━━━ INPUT FOR THIS TASK

(* With P the product of the X - z over the distinct roots z of a, the divisibility
   a | P a' gives a relation Q a = P a' with deg P = #roots, hence the vanishing. *)
Lemma subres_deriv_eq0 (K : numClosedFieldType) (a : {poly K}) (rs : seq K) i :
    (forall z, (z \in rs) = root a z) -> (i + size rs < (size a).-1)%N ->
  subres a a^`() i = 0.
Proof.
move=> rsE; have := size_deriv_num a; set n := size a => sizeD i_lt.
have a_neq0 : a != 0 by rewrite -size_poly_eq0 -/n; lia.
set P := \prod_(z <- rs) ('X - z%:P).
have sizeP : size P = (size rs).+1 by rewrite size_prod_XsubC.
have P_neq0 : P != 0 by rewrite -size_poly_eq0 sizeP.
have [Q PQ] : exists Q, P * a^`() = Q * a.
  apply/dvdpP; have [r Dr] := closed_field_poly_normal a.
  have lc_neq0 : lead_coef a != 0 by rewrite lead_coef_eq0.
  rewrite Dr derivZ -scalerAr dvdpZl ?dvdpZr //.
  apply: dvdp_prod_XsubC_mul_deriv; apply/allP => z z_r.
  by rewrite root_prod_XsubC rsE Dr rootZ // root_prod_XsubC.
have a'_neq0 : a^`() != 0 by rewrite -size_poly_eq0 sizeD; lia.
have Q_neq0 : Q != 0 by apply: contra_eqN PQ => /eqP->; rewrite mul0r mulf_neq0.
have sizeQ : size Q = size rs.
  have := congr1 (fun q : {poly K} => size q) PQ; rewrite !size_mul // sizeP sizeD.
  by rewrite -/n; set sQ := size Q; lia.
apply: (@subres_eq0 _ a a^`() i _ _ (- Q) P); rewrite ?size_opp ?sizeD ?sizeP ?sizeQ //;
  try by rewrite -/n; lia.
by rewrite mulNr -PQ addNr.
Qed.

Section SubresultantChain.
Variables (F : fieldType) (S0 : {poly F}) (sr : nat -> {poly F}).
Local Notation S := (Schain S0 sr).

Lemma Schain_dvdp k j : (k <= j)%N -> S j %| S k.
Proof.
elim: j => [|j IHj]; first by rewrite leqn0 => /eqP ->.
rewrite leq_eqVlt => /predU1P [-> //|lt_kj].
exact: dvdp_trans (dvdp_gcdl _ _) (IHj lt_kj).
Qed.

Lemma Schain_dvdp_sr i j : (1 <= i <= j)%N -> S j %| sr i.
Proof.
case: i => [//|i] /andP [_ le_ij]; apply: dvdp_trans (Schain_dvdp le_ij) _.
exact: dvdp_gcdr.
Qed.

Lemma dvdp_Schain (T : {poly F}) j :
  T %| S0 -> (forall i, (1 <= i <= j)%N -> T %| sr i) -> T %| S j.
Proof.
move=> T_S0; elim: j => [//|j IHj] T_sr /=.
rewrite dvdp_gcd T_sr ?leqnn // IHj // => i /andP [i_gt0 le_ij].
by rewrite T_sr // i_gt0 ltnW.
Qed.

Hypothesis S0_neq0 : S0 != 0.

Lemma Schain_neq0 k : S k != 0.
Proof. by elim: k => //= k IHk; rewrite gcdp_eq0 negb_and IHk. Qed.

Lemma size_Schain_leS k : (size (S k.+1) <= size (S k))%N.
Proof. exact: dvdp_leq (Schain_neq0 k) (Schain_dvdp (leqnSn k)). Qed.

Lemma Sgcd_eqp k : Sgcd S0 sr k %= S k.
Proof.
suff gcd_from m l : foldr (@gcdp F) 0 [seq S i | i <- iota m l.+1] %= S (m + l).
  exact: gcd_from 0 k.
elim: l m => [|l IHl] m; first by rewrite /= gcdp0 addn0 eqpxx.
apply: eqp_trans (eqp_gcdr _ (IHl m.+1)) _; rewrite addSnnS.
exact/dvdp_gcd_idr/Schain_dvdp/leq_addr.
Qed.

Lemma size_Rchain i : (0 < i)%N ->
  (size (Rchain S0 sr i)).-1 = (size (S i.-1) - size (S i))%N.
Proof.
move=> i_gt0; rewrite /Rchain size_divp; last first.
  by rewrite -size_poly_eq0 (eqp_size (Sgcd_eqp _)) size_poly_eq0 Schain_neq0.
rewrite !(eqp_size (Sgcd_eqp _)).
have := size_Schain_leS i.-1; rewrite prednK // => le_size.
have : (0 < size (S i))%N by rewrite size_poly_gt0 Schain_neq0.
by move: le_size; set x := size (S i); set y := size (S i.-1); lia.
Qed.

End SubresultantChain.

Lemma eq_Schain (F : fieldType) (S0 : {poly F}) (sr1 sr2 : nat -> {poly F}) :
  sr1 =1 sr2 -> Schain S0 sr1 =1 Schain S0 sr2.
Proof. by move=> sr12; elim=> //= k ->; rewrite sr12. Qed.

Lemma eq_Rchain (F : fieldType) (S0 : {poly F}) (sr1 sr2 : nat -> {poly F}) :
  sr1 =1 sr2 -> Rchain S0 sr1 =1 Rchain S0 sr2.
Proof. by move=> /eq_Schain sr12 i; rewrite /Rchain /Sgcd !(eq_map (sr12 S0)). Qed.

Lemma root_map_Schain (F E : fieldType) (phi : {rmorphism F -> E})
    (S0 : {poly F}) (sr : nat -> {poly F}) j x :
  root (map_poly phi (Schain S0 sr j)) x =
    root (map_poly phi S0) x && all (fun i => root (map_poly phi (sr i)) x) (iota 1 j).
Proof.
elim: j => [|j IHj]; first by rewrite /= andbT.
have -> : iota 1 j.+1 = iota 1 j ++ [:: j.+1] by rewrite -[j.+1]addn1 iotaD /= addnC.
by rewrite [Schain _ _ _]/= gcdp_map root_gcd IHj all_cat /= andbT andbA.
Qed.

Lemma dvdp_separable_roots (K : closedFieldType) (D G : {poly K}) :
  separable_poly D -> (forall x, root D x -> root G x) -> D %| G.
Proof.
move=> D_sep DG; have D_neq0 := separable_poly_neq0 D_sep.
have [r Dr] := closed_field_poly_normal D.
have lc_neq0 : lead_coef D != 0 by rewrite lead_coef_eq0.
have r_uniq : uniq r.
  by rewrite -separable_prod_XsubC -(eqp_separable (eqp_scale _ lc_neq0)) -Dr.
rewrite Dr dvdpZl //; apply: uniq_roots_dvdp; last by rewrite uniq_rootsE.
by apply/allP => z z_r; apply: DG; rewrite Dr rootZ // root_prod_XsubC.
Qed.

━━━━━━

WHAT TO PRODUCE: Go through the entries above and report every line in which the word "allP" appears.

WORKED SOLUTION:
  apply: dvdp_prod_XsubC_mul_deriv; apply/allP => z z_r.
by apply/allP => z z_r; apply: DG; rewrite Dr rootZ // root_prod_XsubC.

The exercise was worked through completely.